L’esercito fantasma che indebolisce la Ue

Livio Caputo

C’è un’evidente e crescente disparità tra i mezzi militari a disposizione dell’Occidente e i compiti che esso è chiamato a svolgere sia nel quadro delle missioni dell’Onu, sia in quello, ancora più impegnativo, del contenimento a livello globale del terrorismo islamico. Questa insufficienza di uomini - più che di materiali - è tanto più evidente, se la si confronta con le situazioni del passato, quando Paesi molto meno ricchi e meno popolati riuscivano a mettere in campo centinaia di migliaia, se non milioni di uomini anche quando non era in gioco la loro sopravvivenza o addirittura non partecipavano ufficialmente alle ostilità: per esempio, l’Italia durante la guerra civile spagnola. C’era, è vero, il servizio di leva, che permetteva di reclutare a costi molto inferiori una quantità molto superiore di soldati. Ma anche prima che fosse inventata la moderna coscrizione obbligatoria, poi abolita quasi ovunque in Occidente negli ultimi venti-trent’anni (ma non in Russia, in Cina e naturalmente non in Israele) gli eserciti europei erano spesso più numerosi di quelli di oggi. Basta sfogliare i libri di storia militare per scoprire che, per esempio, a cavallo tra il XVII e il XVIII secolo, per esempio, Carlo XII di Svezia arrivò ad avere sotto le armi più di un decimo della popolazione.

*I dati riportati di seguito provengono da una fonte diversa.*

(* Let $d\in\{2,3\}$, let $L,M,N$ be positive integers, $K:=dM+LN$. Let $\mathbf{A}\in\mathbb{R}^{dM\times dM}$, $\mathbf{C}\in\mathbb{R}^{LN\times LN}$ be symmetric positive definite, $\mathbf{B}\in\mathbb{R}^{dM\times LN}$ such that $\mathbf{E}=\begin{pmatrix}\mathbf{A}&\mathbf{B}\\ \mathbf{B}^\top&\mathbf{C}\end{pmatrix}$ is positive definite, $\mathbf{D}=\operatorname{diag}(D_1\mathbf{I}_{L\times L},\dots,D_N\mathbf{I}_{L\times L})$ with $D_i>0$, and $\mathbf{l}\in\mathbb{R}^{dM}$. Let $\mathbf{S}_i:\mathbb{R}^L\times\mathbb{R}^L\to\mathbb{R}^L$ ($i=1,\dots,N$) be semismooth, and define $\mathbf{F}(\mathbf{a},\mathbf{b},\mathbf{c})=(\mathbf{A}\mathbf{a}+\mathbf{B}\mathbf{b}+\mathbf{l},\ \mathbf{B}^\top\mathbf{a}+\mathbf{C}\mathbf{b}+\mathbf{D}\mathbf{c},\ \mathbf{S}_1(\mathbf{b}_1,\mathbf{c}_1),\dots,\mathbf{S}_N(\mathbf{b}_N,\mathbf{c}_N))$, where $\mathbf{b}_i=(b_{L(i-1)+1},\dots,b_{Li})^\top$ and $\mathbf{c}_i$ analogously. Let $(\mathbf{a}^*,\mathbf{b}^*,\mathbf{c}^* )$ be a solution of $\mathbf{F}(\mathbf{a}^*,\mathbf{b}^*,\mathbf{c}^* )=\mathbf{0}$, and let $\mathbf{H}\in\partial\mathbf{F}(\mathbf{a}^*,\mathbf{b}^*,\mathbf{c}^* )$, which has the form $\mathbf{H}=\begin{pmatrix}\mathbf{A}&\mathbf{B}&\mathbf{0}\\ \mathbf{B}^\top&\mathbf{C}&\mathbf{D}\\ \mathbf{0}&\mathbf{X}&\mathbf{Y}\end{pmatrix}$ with $\mathbf{X}=\operatorname{diag}(\mathbf{X}_1,\dots,\mathbf{X}_N)$, $\mathbf{Y}=\operatorname{diag}(\mathbf{Y}_1,\dots,\mathbf{Y}_N)$, $\mathbf{X}_i,\mathbf{Y}_i\in\mathbb{R}^{L\times L}$. Suppose the pair $(\mathbf{X}_i,\mathbf{Y}_i)$ is eigencomplementary for every $i\in\{1,\dots,N\}$. Then the Schur complement $\mathbf{S}_{\mathbf{H}}:=\mathbf{Y}-\mathbf{X}\mathbf{S}_{\mathbf{E}}^{-1}\mathbf{D}$ of $\mathbf{H}$ with respect to $\mathbf{E}$, where $\mathbf{S}_{\mathbf{E}}:=\mathbf{C}-\mathbf{B}^\top\mathbf{A}^{-1}\mathbf{B}$, is regular (invertible).
   Context: Semismoothness is in the sense of Qi and Sun (1993). $\partial\mathbf{F}(\mathbf{x})$ denotes the Clarke subdifferential: the convex hull of all limits $\lim_n\nabla\mathbf{F}(\mathbf{x}_n)$ with $\mathbf{x}_n\to\mathbf{x}$ and $\mathbf{F}$ differentiable at each $\mathbf{x}_n$. A pair $(\mathbf{F},\mathbf{G})$ of real symmetric $L\times L$ matrices is called eigencomplementary if $\mathbf{F}$ is negative semi-definite, $\mathbf{G}$ is positive semi-definite, they have a common basis of eigenvectors of $\mathbb{R}^L$, and, if both are singular, additionally $\bigoplus_{\xi\in\sigma(\mathbf{F}),\,\xi<0}\operatorname{Eig}_{\mathbf{F}}(\xi)=\operatorname{Eig}_{\mathbf{G}}(0)$ ($\sigma$ = spectrum, $\operatorname{Eig}$ = eigenspace). *)

From HB Require Import structures.
From mathcomp Require Import all_boot all_order all_algebra.
From mathcomp Require Import all_classical all_reals all_analysis.
Set Implicit Arguments. Unset Strict Implicit. Unset Printing Implicit Defensive.
Import Order.TTheory GRing.Theory Num.Theory.
Import numFieldNormedType.Exports.
Local Open Scope classical_set_scope.
Local Open Scope ring_scope.

Section Defs.
Variable R : realType.

Definition jacobian_at n m (G : 'cV[R]_n -> 'cV[R]_m) (x : 'cV[R]_n)
    (J : 'M[R]_(m, n)) : Prop :=
  differentiable G x /\ forall h : 'cV[R]_n, 'd G x h = J *m h.

Definition bouligand_sub n m (G : 'cV[R]_n -> 'cV[R]_m) (x : 'cV[R]_n) :
    set 'M[R]_(m, n) :=
  [set J | exists (xs : nat -> 'cV[R]_n) (Js : nat -> 'M[R]_(m, n)),
      xs @ \oo --> x /\ (forall k, jacobian_at G (xs k) (Js k)) /\
      Js @ \oo --> J].

Definition conv_hull n m (S : set 'M[R]_(m, n)) : set 'M[R]_(m, n) :=
  [set H | exists (p : nat) (w : 'I_p -> R) (Js : 'I_p -> 'M[R]_(m, n)),
      (forall k, 0 <= w k) /\ \sum_(k < p) w k = 1 /\
      (forall k, S (Js k)) /\ H = \sum_(k < p) w k *: Js k].

Definition clarke n m (G : 'cV[R]_n -> 'cV[R]_m) (x : 'cV[R]_n) :=
  conv_hull (bouligand_sub G x).

Definition locally_lipschitz_at n m (G : 'cV[R]_n -> 'cV[R]_m) (x : 'cV[R]_n) :=
  exists (k : R) (del : R), 0 < del /\
    forall y z : 'cV[R]_n, `|y - x| < del -> `|z - x| < del ->
      `|G y - G z| <= k * `|y - z|.

(* Semismoothness in the sense of Qi and Sun (1993): G is locally Lipschitz
   at x and for every h the limit of V h' over V in dG(x + t h'),
   h' -> h, t -> 0+ exists. *)
Definition semismooth_at n m (G : 'cV[R]_n -> 'cV[R]_m) (x : 'cV[R]_n) :=
  locally_lipschitz_at G x /\
  forall h : 'cV[R]_n, exists lim : 'cV[R]_m,
    forall e : R, 0 < e -> exists del : R, 0 < del /\
      forall (t : R) (h' : 'cV[R]_n) (V : 'M[R]_(m, n)),
        0 < t -> t < del -> `|h' - h| < del ->
        clarke G (x + t *: h') V -> `|V *m h' - lim| < e.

Oggi è tutto diverso. Qualche settimana fa ha destato una certa sensazione l’annuncio del ministro della Difesa della Germania - una nazione di 82 milioni di abitanti con le tradizioni militari che tutti conosciamo e tra le più ricche del mondo - che la Bundeswehr, con novemila uomini impegnati in varie missioni, dai Balcani al Libano e dal Congo all’Afghanistan, stava superando i limiti delle sue capacità e avrebbe perciò dovuto cominciare presto a ritirarsi dalla Bosnia. Ma Berlino non è certo la sola a essere in difficoltà. Dopo essersi imbarcata nella controversa missione libanese, che potrebbe durare molti anni, l’Italia ha a sua volta esaurito le risorse disponibili e non riuscirà a fare fronte a improvvise nuove esigenze future neppure rischiando il fondo del barile.

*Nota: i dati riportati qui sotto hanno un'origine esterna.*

(* Every countable subgroup of $(\mathbb R,+)$ that is not finitely generated has exactly one end. In particular, the group $(\mathbb Q,+)$ has one end.
   Context: For a countable group $G$ equipped with a proper left-invariant metric (balls finite, $d(gh_1,gh_2)=d(h_1,h_2)$), the number of ends of $G$ is the cardinality of $CF(G)\setminus G$, where for a proper metric space $X$, $CF(X)$ is the compactification induced by all continuous glacially oscillating functions $X\to[0,1]$ (a function $f$ is glacially oscillating if for every $\epsilon>0$ there is a glacial scale $\mathcal S=\{(K_i,n_i)\}$ — $K_i$ bounded, $n_i\in\mathbb N$, with every bounded set contained in some $K_i$ having $n_i$ arbitrarily large — such that $|f(x_1)-f(x_n)|<\epsilon$ whenever $x_1,\dots,x_n$ is a sequence where each consecutive pair avoids some $K_m$ and is at distance $\le n_m$). Equivalently, an infinite $G$ has one end iff every almost invariant subset $A$ ($A\,\Delta\,(Ag)$ finite for all $g$) is finite or has finite complement. *)

From HB Require Import structures.
From mathcomp Require Import all_boot all_order all_algebra.
From mathcomp Require Import boolp classical_sets cardinality reals.
Set Implicit Arguments. Unset Strict Implicit. Unset Printing Implicit Defensive.
Import Order.TTheory GRing.Theory Num.Theory.
Local Open Scope ring_scope.
Local Open Scope classical_set_scope.

Section Metric.
Variables (R : realType) (T : Type) (d : T -> T -> R).

Definition is_metric : Prop :=
  (forall x y, 0 <= d x y) /\ (forall x y, d x y = 0 <-> x = y) /\
  (forall x y, d x y = d y x) /\ (forall x y z, d x z <= d x y + d y z).

Definition proper_metric : Prop :=
  forall (x : T) (r : R), finite_set [set y | d x y <= r].

Definition bounded_set (B : set T) : Prop :=
  exists (x : T) (r : R), B `<=` [set y | d x y <= r].

Definition glacial_scale (S : set (set T * nat)) : Prop :=
  (forall K n, S (K, n) -> bounded_set K) /\
  (forall B, bounded_set B -> forall N : nat,
     exists K n, [/\ S (K, n), B `<=` K & (N <= n)%N]).

Definition S_step (S : set (set T * nat)) (x y : T) : Prop :=
  exists K n, [/\ S (K, n), ~ K x, ~ K y & d x y <= n%:R].

(* x0 :: s is an S-chain (a sequence x_1 = x0, ..., x_n = last x0 s) *)
Fixpoint S_chain (S : set (set T * nat)) (x0 : T) (s : seq T) : Prop :=
  match s with
  | [::] => True
  | y :: s' => S_step S x0 y /\ S_chain S y s'
  end.

Definition glacially_oscillating (f : T -> R) : Prop :=
  forall eps : R, 0 < eps -> exists S, glacial_scale S /\
    forall (x0 : T) (s : seq T), S_chain S x0 s -> `|f x0 - f (last x0 s)| < eps.

Definition metric_continuous (f : T -> R) : Prop :=
  forall (x : T) (eps : R), 0 < eps -> exists delta : R, 0 < delta /\
    forall y, d x y < delta -> `|f x - f y| < eps.

Definition GOfun := {f : T -> R |
  [/\ forall x, 0 <= f x <= 1, metric_continuous f & glacially_oscillating f]}.

(* CF(T) = closure of the image of the evaluation embedding T -> [0,1]^GOfun
   (product topology); points of [0,1]^GOfun are functions GOfun -> R. *)
Definition in_CF (p : GOfun -> R) : Prop :=
  forall (n : nat) (fs : 'I_n -> GOfun) (eps : R), 0 < eps ->
    exists x : T, forall i, `|sval (fs i) x - p (fs i)| < eps.

Definition in_image (p : GOfun -> R) : Prop :=
  exists x : T, forall f : GOfun, p f = sval f x.

Definition has_one_end : Prop :=
  exists p, [/\ in_CF p, ~ in_image p &
    forall q, in_CF q -> ~ in_image q -> q = p].

End Metric.

Section Subgroups.
Variable R : realType.

Definition is_subgroup (G : set R) : Prop :=
  G 0 /\ forall x y, G x -> G y -> G (x - y).

Definition finitely_generated (G : set R) : Prop :=
  exists s : seq R, G = [set x | exists c : 'I_(size s) -> int,
                                   x = \sum_(i < size s) (c i)%:~R * s`_i].

Definition left_invariant (G : set R) (d : {x : R | G x} -> {x : R | G x} -> R) :=
  forall g h1 h2 k1 k2 : {x : R | G x},
    sval k1 = sval g + sval h1 -> sval k2 = sval g + sval h2 -> d k1 k2 = d h1 h2.

Definition rationals : set R := [set x | exists q : rat, x = ratr q].

End Subgroups.

(* Corollary 5.13: a subgroup G of (R, +) that is not finitely generated has
   exactly one end for every proper left-invariant metric d; in particular
   (Q, +) has one end.

   Fix e <> 0 in G.  Algebra: for a finite set l in G there is c in G such
   that for every x one of the rays x + eN, x + c + eN misses l, since
   otherwise G would be generated by e and the differences of l
   ([escape_shift]).  Geometry: given a glacial scale S, a ray missing the
   set K of a pair (K, n) with n >= |e| is an S-chain; two such rays are
   joined far out because translation keeps their gap constant; and a point
   outside a fixed ball is joined to x + c.  Hence points far from the origin
   are S-chain connected ([far_reach]), so every glacially oscillating f has a
   value [Lim f] at infinity.  The point [end_point] of [0,1]^GOfun it defines
   lies in CF(G), is no evaluation (test a bump function), and is the only
   non-evaluation point of CF(G) ([end_point_unique]).  Finally Q is a
   subgroup that is not finitely generated (common denominators). *)

From HB Require Import structures.
From mathcomp Require Import all_boot all_order all_algebra.
From mathcomp Require Import boolp classical_sets cardinality reals.
From mathcomp Require Import ring lra zify.
Set Implicit Arguments. Unset Strict Implicit. Unset Printing Implicit Defensive.
Import Order.TTheory GRing.Theory Num.Theory.
Local Open Scope ring_scope.
Local Open Scope classical_set_scope.

Definition span (R : realType) (s : seq R) : set R :=
  [set x | exists c : 'I_(size s) -> int, x = \sum_(i < size s) (c i)%:~R * s`_i].

Lemma span_add (R : realType) (s : seq R) x y :
  span s x -> span s y -> span s (x + y).
Proof.
move=> [c ->] [c' ->]; exists (fun i => c i + c' i).
by rewrite -big_split /=; apply: eq_bigr => i _; rewrite intrD mulrDl.
Qed.

Lemma span_nth (R : realType) (s : seq R) (i : 'I_(size s)) (z : int) :
  span s (z%:~R * s`_i).
Proof.
exists (fun j => if j == i then z else 0).
rewrite (bigD1 i) //= eqxx big1 ?addr0 // => j /negbTE ->; by rewrite mul0r.
Qed.

Lemma span_mem (R : realType) (s : seq R) x (z : int) :
  x \in s -> span s (x *~ z).
Proof.
move=> xs; have xi : (index x s < size s)%N by rewrite index_mem.
by have := span_nth (Ordinal xi) z; rewrite /= (nth_index 0 xs) mulrzl.
Qed.

Lemma ray_escapes (F : archiRealFieldType) (e u : F) (l : seq F) : e != 0 ->
  exists k0, forall k, (k0 <= k)%N -> u + e *+ k \notin l.
Proof.
move=> e0; set M := \sum_(y <- l) `|y|.
have M0 : 0 <= M by apply: sumr_ge0.
have e_gt0 : 0 < `|e| by rewrite normr_gt0.
have bound_l y : y \in l -> `|y| <= M.
  move=> yl; rewrite /M (perm_big _ (perm_to_rem yl)) big_cons lerDl.
  exact: sumr_ge0.
have B0 : 0 <= (M + `|u|) / `|e| by rewrite divr_ge0 // addr_ge0.
exists (Num.Def.archi_bound ((M + `|u|) / `|e|)) => k kbig; apply/negP => /bound_l.
have big_k : M + `|u| < k%:R * `|e|.
  rewrite -ltr_pdivrMr //; apply: lt_le_trans (archi_boundP B0) _.
  by rewrite ler_nat.
have := lerB_normD (e *+ k) u; rewrite [e *+ k + u]addrC normrMn -mulr_natl.
lra.
Qed.

Lemma pos_lower_bound (F : realDomainType) (A : eqType) (f : A -> F) (l : seq A) b :
  0 < b -> (forall y, 0 < f y) ->
  exists eps, [/\ 0 < eps, eps <= b & forall y, y \in l -> eps <= f y].
Proof.
move=> b_gt0 f_gt0; elim: l => [|z l [eps [eps_gt0 eps_le eps_l]]].
  by exists b; split=> // y; rewrite in_nil.
exists (Num.min (f z) eps); split; first by rewrite lt_min f_gt0.
  by rewrite ge_min eps_le orbT.
move=> y; rewrite inE => /predU1P [->|yl]; first by rewrite ge_min lexx.
by rewrite ge_min eps_l ?orbT.
Qed.

Section Subgroup.
Variables (R : realType) (G : set R).
Hypothesis hG : is_subgroup G.

Lemma subgroup0 : G 0. Proof. by case: hG. Qed.

Lemma subgroupB x y : G x -> G y -> G (x - y). Proof. by case: hG => _; apply. Qed.

Lemma subgroupN x : G x -> G (- x).
Proof. by move=> Gx; have := subgroupB subgroup0 Gx; rewrite sub0r. Qed.

Lemma subgroupD x y : G x -> G y -> G (x + y).
Proof. by move=> Gx Gy; have := subgroupB Gx (subgroupN Gy); rewrite opprK. Qed.

Lemma subgroupMn x n : G x -> G (x *+ n).
Proof.
move=> Gx; elim: n => [|n IH]; first by rewrite mulr0n; exact: subgroup0.
by rewrite mulrS; apply: subgroupD.
Qed.

Lemma subgroupMz x (z : int) : G x -> G (x *~ z).
Proof.
move=> Gx; case: z => n; first exact: subgroupMn.
by rewrite NegzE mulrNz; apply/subgroupN/subgroupMn.
Qed.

La Gran Bretagna, che dopo l’America ha dato il maggiore contributo alla guerra irachena, si trova in una situazione simile, pur avendo l’esercito professionale di più antiche tradizioni. Quanto alla Francia, che ha un certo numero di unità permanentemente impegnate nel suo ex impero coloniale e ora dovrebbe fornire altri 2mila uomini all’Unifil, sta addirittura pensando di potenziare la sua famosa Legione Straniera. Ma il caso più clamoroso è senza dubbio quello della superpotenza americana, 300 milioni di abitanti e un bilancio militare pari al 5 per cento del Pil, che fino a quando sarà impegnata in Irak non potrà, in pratica, affrontare altri impegni e per colmare i buchi è costretta a fare continuo ricorso alla Guardia nazionale. Il vero disastro, comunque, è dato dall’Unione Europea: sulla carta dovrebbe disporre di un corpo di intervento rapido di 60mila uomini, ma non ha poi una politica estera e di difesa comune per gestire il loro impiego; e quando, come è accaduto questa settimana, il capo della socialdemocrazia tedesca Beck ha rilanciato il vecchio progetto di esercito europeo unificato, è stato subito zittito da polacchi, inglesi ed altri che non ne vogliono sapere, perché vogliono potere disporre delle rispettive forze armate senza vincoli e a proprio piacimento.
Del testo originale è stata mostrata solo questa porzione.